If you can believe it, last night was my first visit to St John Bread & Wine. It was fantastic - friendly service, excellent food, good wine, OK prices, fab bread, and we were out of there within an hour without being rushed - kind of like St John 'lite'. My only gripe is that by the time we got there (9h30) they were out of two things we would have liked to order - crispy duck with frisee and fried sprats; not sure if there was a run on these, or whether the kitchen just underestimated for a Thursday night.
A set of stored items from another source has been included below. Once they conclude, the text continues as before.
Lemma homogenize_lin_pencil a1 b1 c1 a2 b2 c2 a b c p :
  a1 * b2 - a2 * b1 != 0 ->
  affine_line a1 b1 c1 p -> affine_line a2 b2 c2 p -> affine_line a b c p ->
  exists s t, homogenize_lin a b c =
    s *: homogenize_lin a1 b1 c1 + t *: homogenize_lin a2 b2 c2.
Proof.
move=> hD h1 h2 h.
exists ((a * b2 - a2 * b) / (a1 * b2 - a2 * b1)), ((a1 * b - a * b1) / (a1 * b2 - a2 * b1)).
rewrite !homogenize_linZ homogenize_linD; congr homogenize_lin;
  rewrite ?(affine_line_coef h1) ?(affine_line_coef h2) ?(affine_line_coef h); by field.
Qed.

Lemma homogenize_lin_span a1 b1 c1 a2 b2 c2 aL bL cL a b c p :
  a1 * b2 - a2 * b1 != 0 ->
  affine_line a1 b1 c1 p -> affine_line a2 b2 c2 p -> ~~ affine_line aL bL cL p ->
  exists s t u, homogenize_lin a b c = s *: homogenize_lin a1 b1 c1 +
    t *: homogenize_lin a2 b2 c2 + u *: homogenize_lin aL bL cL.
Proof.
move=> hD h1 h2 hK.
pose k := (a * p.1 + b * p.2 + c) / (aL * p.1 + bL * p.2 + cL).
have [|s [t hst]] := homogenize_lin_pencil (a := a - k * aL) (b := b - k * bL)
    (c := c - k * cL) hD h1 h2.
  by apply/eqP; rewrite /k; field.
exists s, t, k; rewrite -hst homogenize_linZ homogenize_linD.
by congr homogenize_lin; ring.
Qed.
End Lines.

Lemma mpolyX_homogenize_lin (R : realType) (i : 'I_3) :
  exists a b c : R, 'X_i = homogenize_lin a b c.
Proof.
case: i => -[|[|[|//]]] hi; [exists 1, 0, 0 | exists 0, 1, 0 | exists 0, 0, 1];
  rewrite /homogenize_lin !scale0r scale1r ?add0r ?addr0;
  by congr mpolyX; congr mnm1; apply: val_inj.
Qed.

Theorem lemma5p2 (R : realType) (r d : nat) (hd : (r + 1 <= d)%N)
  (a1 b1 c1 a2 b2 c2 a3 b3 c3 aL bL cL : R) (p : R * R)
  (h1 : is_line_eq a1 b1 c1) (h2 : is_line_eq a2 b2 c2) (h3 : is_line_eq a3 b3 c3)
  (hL : is_line_eq aL bL cL)
  (hp1 : affine_line a1 b1 c1 p) (hp2 : affine_line a2 b2 c2 p)
  (hp3 : affine_line a3 b3 c3 p)
  (hd12 : affine_line a1 b1 c1 <> affine_line a2 b2 c2)
  (hd13 : affine_line a1 b1 c1 <> affine_line a3 b3 c3)
  (hd23 : affine_line a2 b2 c2 <> affine_line a3 b3 c3)
  (hpL : ~~ affine_line aL bL cL p) :
  let l1 := homogenize_lin a1 b1 c1 in
  let l2 := homogenize_lin a2 b2 c2 in
  let l3 := homogenize_lin a3 b3 c3 in
  let L := homogenize_lin aL bL cL in
  forall g : {mpoly R[3]}, g \is d.-homog ->
  exists u v w : {mpoly R[3]},
    [/\ u \is d.-homog, v \is d.-homog, w \is (r - 1)%N.-homog,
        (r = 0%N -> w = 0) &
        l3 ^+ r.+1 * g = l1 ^+ r.+1 * u + l2 ^+ r.+1 * v + L ^+ (d - r + 1) * l3 ^+ r.+1 * w].
Proof.
move=> l1 l2 l3 L g hg.
have hD : a1 * b2 - a2 * b1 != 0.
  by apply/eqP => /(eq_affine_line_det0 h1 h2 hp1 hp2).
have [s [t hl3]] := homogenize_lin_pencil hD hp1 hp2 hp3.
apply: pencil_power_decomposition hl3 hd hg; try exact: homogenize_lin_homog.
move=> i; have [a [b [c ->]]] := mpolyX_homogenize_lin R i.
have [s' [t' [u ->]]] := homogenize_lin_span a b c hD hp1 hp2 hpL.
exact: span_forms_lin.
Qed.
We started with grilled pilchards instead, large, seasoned with parsley, garlic and lightly fried in olive oil - lots of flesh. With this, a glass of their Viognier which I think I've had at Big St John. Then I had 10 langoustines with mayonnaise, with a glass of wine from Basque country which began with an "I", the name of which escapes me but which was fantastic - mix of Marsanne, Roussane and the like. E. had braised oxtail with mash and a glass of OK Medoc. My langoustines were large and sweet, sweet, sweet. The oxtail was falling off the bones, with a lovely sweet-sour gravy soaking into the mash I would really like to have tried the ginger loaf with marmalade ice cream but having eaten three pieces of bread, I was pretty stuffed.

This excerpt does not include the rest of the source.